Facts: they are not produced by the will of a specific body or subject, but they produce legal
effects because the law recognizes their ability. They combine two elements:

• Objective element: diuturnitas = results from a behavior that has remained unchanged over the
time.

• Subjective element: opinio iuris ac necessitatis = derives from the perception that certain social
behaviors are compulsory, legally binding and if not respected, enforceable by law.

Sources of cognizance:
Sources that give legal notice on sources of production. Laws approved by the State must be
published on sources of cognizance (such as: Official Gazette, Official Journal of European union)
in order to be enforceable.

Interpretation:

Enables the meaning of the law to be distinguished from the expression of the law, so that the law
can be applied.

Interpreting laws’ different Constitutional elements that place them in a specific category leads to
the concrete case.

The interpretation depends on context, temporal references and law governing the policy area.

As a rule, judges and administrators have the right to interpret the law and to reconstruct the
voluntas of the legislative branch.

Interpretation is influenced by the interpreter approach, but it must respect specific criteria.

Criteria of hierarchy, chronology, competence and specialization have been devised to resolve
contrasts between laws that cannot be resolved simply through an interpretation. They are
needed to find which law to apply. The interpreter needs to apply law to any specific case, giving
the correct meaning to the written test (law, regulation, contract).

• Chronology: laws belonging to the same category, but approved at different times, can contrast
one another.

Lex posterior derogat priori: and "old" law in effect that contrasts a “new” one approved at a
later date is repealed by the “new” law and ceases to have effect.

Principle of non retroactivity: laws only have future validity. Their repeal is effective ex nunc.

The repeal may be:

- Express: the “new” law specifies that the “old” must be repealed.

- Tacit: the “new” law is incompatible with the “old” one.

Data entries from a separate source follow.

Lemma sigma_hat_radial_kernel (O : set 'rV[R]_n.+1) u :
  open O -> O u -> D u -> sigma P Q u 0 ord0 != 0 ->
  ~ interior (sigma_hat P Q @` O) (sigma_hat P Q u) ->
  exists (v : 'rV_n.+1) beta, [/\ v != 0,
    v *m sigma_bar_jac u = beta *: sigma_bar P Q u
    & rdot v (sigma_hat_grad ord_max u) = 0].
Proof.
move=> oO Ou Du s0 notint.
have /det0P [v v0 vJ] : \det (sigma_hat_jac u) == 0.
  case: eqP => // /eqP det0; exfalso; apply: notint.
  apply: (strict_jac_image_interior oO Ou).
    exact: strict_jac_grad_mx (fun i => sigma_hat_strict_grad i Du s0).
  by rewrite unitmxE unitfE.
have vhat i : rdot v (sigma_hat_grad i u) = 0.
  by rewrite -(mulmx_grad_mx v (sigma_hat_grad^~ u)) vJ mxE.
have kern := quotient_grad_kernel (s := fun j => sigma P Q u 0 j)
  (g := sigma_grad^~ u) s0 vhat.
exists v, (rdot v (sigma_grad ord0 u) / sigma P Q u 0 ord0); split => //.
by apply/rowP => i; rewrite mulmx_grad_mx kern [RHS]mxE sigma_barE.
Qed.

Lemma sigma_scale u t lam : sigma P Q u 0 ord0 != 0 -> sigma P Q t 0 ord0 != 0 ->
  sigma_bar P Q u = lam *: sigma_bar P Q t ->
  sigma_hat P Q u 0 ord_max = sigma_hat P Q t 0 ord_max ->
  sigma P Q u = lam *: sigma P Q t.
Proof.
move=> su st bar hat; apply/rowP => j; rewrite [RHS]mxE.
have barE i : sigma P Q u 0 (widen_ord (leqnSn n.+1) i) =
    lam * sigma P Q t 0 (widen_ord (leqnSn n.+1) i).
  by rewrite -!sigma_barE bar [LHS]mxE.
case: (unliftP ord_max j) => [i ->|->].
  have -> : lift ord_max i = widen_ord (leqnSn n.+1) i.
    by apply: val_inj; rewrite /= /bump leqNgt ltn_ord.
  exact: barE.
have := barE ord0; rewrite (_ : widen_ord _ ord0 = ord0); last exact: val_inj.
move: hat; rewrite !sigma_hatE (_ : lift ord0 ord_max = ord_max); last exact: val_inj.
by move=> hat s0; rewrite -(divfK su (sigma P Q u 0 ord_max)) hat s0; field.
Qed.

End Hypersurface.

Theorem theorem6 (R : realType) (m : nat) (hm : (1 <= m)%N)
  (P Q : 'I_m.+1 -> mpoly.mpoly m R) (D : set 'rV[R]_m)
  (hD : defined_on Q D) (O : set 'rV[R]_m)
  (hOopen : open O) (hOD : O `<=` D)
  (hO1 : forall u, O u -> sigma P Q u ord0 ord0 != 0)
  (t : 'rV[R]_m) (ht : O t)
  (hdet : \det (jacobian (sigma_bar P Q) t) != 0)
  (hnoU : ~ (exists U : set R, nbhs (1 : R) U /\
             (forall lam, U lam ->
                rp_hypersurface P Q D (lam *: sigma P Q t)))) :
  inner_point_condition P Q O.
Proof.
destruct m as [|n]; first by [].
apply: contrapT => noIPC; apply: hnoU.
have DJ u (Ou : O u) : strict_jac (sigma_bar P Q) u (sigma_bar_jac P Q u) :=
  sigma_bar_strict_jac P hD (hOD u Ou).
have uJt : sigma_bar_jac P Q t \in unitmx.
  by rewrite unitmxE unitfE -(strict_jac_jacobian (DJ t ht)).
have [eta eta0 level] := radial_level_set hOopen ht uJt DJ
  (fun u Ou => sigma_hat_strict_grad hD ord_max (hOD _ Ou) (hO1 _ Ou))
  (fun u Ou => sigma_hat_radial_kernel hD hOopen Ou (hOD _ Ou) (hO1 _ Ou)
     (fun int => noIPC (ex_intro _ u (conj Ou int)))).
exists [set lam | `|lam - 1| < eta]; split; first by apply/nbhs_distP; exists eta.
move=> lam /level [u [Ou bar hat]]; exists u; first exact: hOD.
exact: sigma_scale (hO1 _ Ou) (hO1 _ ht) bar hat.
Qed.
Lemma eis_norm_even a b : (2 %| eis_norm a b)%Z -> (2 %| a)%Z && (2 %| b)%Z.
Proof.
case/dvdzP=> k; rewrite /eis_norm.
have [a' [-> | ->]] := int_halves a; have [b' [-> | ->]] := int_halves b;
  try by move=> e; exfalso; lia.
by rewrite !dvdz_mulr.
Qed.

Lemma eis_norm_prime_rep (p n : nat) : prime p -> (p %| n ^ 2 + n + 1)%N ->
  exists a b, eis_norm a b = p%:Z /\ (p%:Z %| a - n%:Z * b)%Z.
Proof.
move=> p_pr pN; have [s /andP [s_lo s_hi]] := prime_between_squares p_pr.
have p0 := prime_gt0 p_pr.
have [a [b [ab0 a_s b_s p_ab]]] := @thue_small_pair p s n (introT andP (conj p0 s_hi)).
exists a, b; split=> //.
have /dvdzP [k Qk] : (p%:Z %| eis_norm a b)%Z.
  rewrite (_ : eis_norm a b = (a - n%:Z * b) * (a + n%:Z * b + b)
                              + b ^+ 2 * (n ^ 2 + n + 1)%N%:Z); last first.
    by rewrite natz_sqr_add_succ /eis_norm; ring.
  by apply: rpredD; [apply: dvdz_mulr | apply: dvdz_mull].
have [k1 | k2] : k = 1 \/ k = 2.
  have := eis_norm_gt0 ab0; have := eis_norm_le a_s b_s; rewrite Qk; nia.
  by rewrite Qk k1 mul1r.
have /andP [/dvdzP [a' a_eq] /dvdzP [b' b_eq]] : (2 %| a)%Z && (2 %| b)%Z.
  by apply: eis_norm_even; rewrite Qk k2 dvdz_mulr.
move: Qk; rewrite k2 a_eq b_eq.
rewrite (_ : eis_norm _ _ = 2 * (2 * eis_norm a' b')); last by rewrite /eis_norm; ring.
move/(mulfI (isT : 2 != 0 :> int)) => p_even.
have : (2 %| p)%N by rewrite -(dvdzE 2 p) -p_even dvdz_mulr.
rewrite dvdn_prime2 // eq_sym => /eqP p2.
by move: pN; rewrite p2 (negbTE (ndvd2_sqr_add_succ n)).
Qed.

(* The conclusion reads [(c - d w) * (x - y w) = 1 - n w]. *)
Lemma eis_prime_factor (p n : nat) : prime p -> (p %| n ^ 2 + n + 1)%N ->
  exists c d x y, [/\ eis_norm c d = p%:Z, c * x - d * y = 1
                    & c * y + d * x + d * y = n%:Z].
Proof.
move=> p_pr pN; have [a [b [Qab /dvdzP [x ab_x]]]] := eis_norm_prime_rep p_pr pN.
have [t Nt] : exists t, eis_norm n%:Z 1 = t * p%:Z.
  by case/dvdnP: pN => t Nt; exists t%:Z; rewrite -natz_sqr_add_succ Nt PoszM.
have p0 : p%:Z != 0 by rewrite eqz_nat -lt0n prime_gt0.
exists (a + b), (- b), x, (n%:Z * x + b * t); split.
- by rewrite -Qab /eis_norm; ring.
- apply: (mulIf p0); rewrite mul1r -{2}Qab.
  transitivity ((a + b) * (x * p%:Z) + b * (n%:Z * (x * p%:Z) + b * (t * p%:Z))); first by ring.
  by rewrite -ab_x -Nt /eis_norm; ring.
- apply: (mulIf p0); rewrite -{2}[p%:Z]Qab.
  transitivity (a * (n%:Z * (x * p%:Z) + b * (t * p%:Z)) - b * (x * p%:Z)); first by ring.
  by rewrite -ab_x -Nt /eis_norm; ring.
Qed.

Definition dvdz2 (N u v : int) : bool := (N %| u)%Z && (N %| v)%Z.

Lemma dvdz2_comb N u v u' v' al be ga de :
  u' = al * u + be * v -> v' = ga * u + de * v -> dvdz2 N u v -> dvdz2 N u' v'.
Proof.
move=> -> -> /andP [Nu Nv]; apply/andP.
by split; apply: rpredD; apply: dvdz_mull.
Qed.

(* [N] divides [(a - b w) * conj (t1 - t2 w)] or [(a - b w) * (t1 - t2 w)] in Z[w]. *)
Definition eis_assoc_mod (N t1 t2 a b : int) : bool :=
  dvdz2 N (a * t1 + a * t2 + b * t2) (a * t2 - b * t1)
  || dvdz2 N (a * t1 - b * t2) (a * t2 + b * t1 + b * t2).

Lemma eis_assoc_modN N t1 t2 a b :
  eis_assoc_mod N t1 t2 (- a) (- b) -> eis_assoc_mod N t1 t2 a b.
Proof.
case/orP=> h; apply/orP; [left | right];
  by apply: (dvdz2_comb (al := -1) (be := 0) (ga := 0) (de := -1) _ _ h); ring.
Qed.

Lemma eis_assoc_mod_rot N t1 t2 a b :
  eis_assoc_mod N t1 t2 b (- a - b) -> eis_assoc_mod N t1 t2 a b.
Proof.
case/orP=> h; apply/orP; [left | right].
  by apply: (dvdz2_comb (al := -1) (be := 1) (ga := -1) (de := 0) _ _ h); ring.
by apply: (dvdz2_comb (al := -1) (be := -1) (ga := 1) (de := 0) _ _ h); ring.
Qed.

Lemma eis_assoc_mod_refl t1 t2 : eis_assoc_mod (eis_norm t1 t2) t1 t2 t1 t2.
Proof.
by apply/orP; left; apply/andP; split; [exact: dvdzz | rewrite mulrC subrr dvdz0].
Qed.

Lemma eis_assoc_mod_swap t1 t2 : eis_assoc_mod (eis_norm t1 t2) t1 t2 t2 t1.
Proof.
apply/orP; right; apply/andP; split; first by rewrite mulrC subrr dvdz0.
by rewrite (_ : _ + _ = eis_norm t1 t2) ?dvdzz // /eis_norm; ring.
Qed.

Lemma eis_norm_normalize (P : int -> int -> Prop) a b :
  (forall a b, P (- a) (- b) -> P a b) -> (forall a b, P b (- a - b) -> P a b) ->
  (a != 0) || (b != 0) ->
  exists a' b', [/\ 1 <= a', 0 <= b', eis_norm a' b' = eis_norm a b & P a' b' -> P a b].
Proof.
move=> PN PR ab0.
have PR2 x y : P (- x - y) x -> P x y.
  by move=> h; apply: (PR); apply: PR; rewrite (_ : - y - (- x - y) = x) //; ring.
have PNR x y : P (- y) (x + y) -> P x y.
  by move=> h; apply: PR; apply: PN; rewrite (_ : - (- x - y) = x + y) //; ring.
have PNR2 x y : P (x + y) (- x) -> P x y.
  by move=> h; apply: PR2; apply: PN; rewrite (_ : - (- x - y) = x + y) //; ring.
have : (1 <= a /\ 0 <= b) \/ (a <= 0 /\ 1 <= a + b) \/ (a + b <= 0 /\ 1 <= b) \/
    (a <= -1 /\ b <= 0) \/ (0 <= a /\ a + b <= -1) \/ (b <= -1 /\ 0 <= a + b) by lia.
case=> [[lo hi] | [[lo hi] | [[lo hi] | [[lo hi] | [[lo hi] | [lo hi]]]]]].
- by exists a, b.
- by exists (a + b), (- a); split; [lia | lia | rewrite /eis_norm; ring | exact: PNR2].
- by exists b, (- a - b); split; [lia | lia | rewrite /eis_norm; ring | exact: PR].
- by exists (- a), (- b); split; [lia | lia | rewrite /eis_norm; ring | exact: PN].
- by exists (- a - b), a; split; [lia | lia | rewrite /eis_norm; ring | exact: PR2].
- by exists (- b), (a + b); split; [lia | lia | rewrite /eis_norm; ring | exact: PNR].
Qed.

- Implicit: the “new” law substitutes the “old” one even if they are not incompatible.

• Hierarchy: laws on a different category may be contradictory when one law occupies a higher
level in the hierarchy of legal sources.

Lex superior derogat legi inferiori: the situation is resolved when the law on a lower level yields
its place to a law on a higher level, but does not change with repeal. It is declared illegitimate
and then annulled, so it loses validity ex tunc.

• Competence: contrasts between laws on the same level cannot always be resolved by applying
the criterion of chronology. 

A contrast between sources on the same level is resolved in terms of competence. The
prevailing law source is the one the Constitution considers competent in that area. 

A law that invades the competence of another can be declared illegitimate.

Only the Constitutional court can declare primary sources Constitutionally illegitimate.

Ordinary and administrative judges can declare secondary sources illegitimate.

• Specialization: a law of a general nature and one of a specific nature may contrast each other.

Lex specials derogate lex generali: a specific law takes precedence over a general one.

The general law is not applied but remains valid and effective. The effect is ex nunc.

Constitutional statutory limits:



Many constitutional provisions reserve specific subject matters to ordinary state laws and acts
having the force of law to restrict the executive branch’s regulatory power and to restrain the
legislative branch. Only law and not regulations can rule on these specific subject matters.

There are four types of statutory limits:

• Absolute: only law can regulate a particular policy area (e.g. criminal law), and primary sources
regulate its subject matters.

• Relative: law establishes the principles and secondary sources establish the rest.

• Simple: the constitution requires law to regulate a certain subject matter, but it doesn’t place
any restriction on its contest.

• Reinforced: the constitution provides for the law and its provisions, it establishes limits on the
content as well.

Atypical laws: are characterized by particular passive or active limits.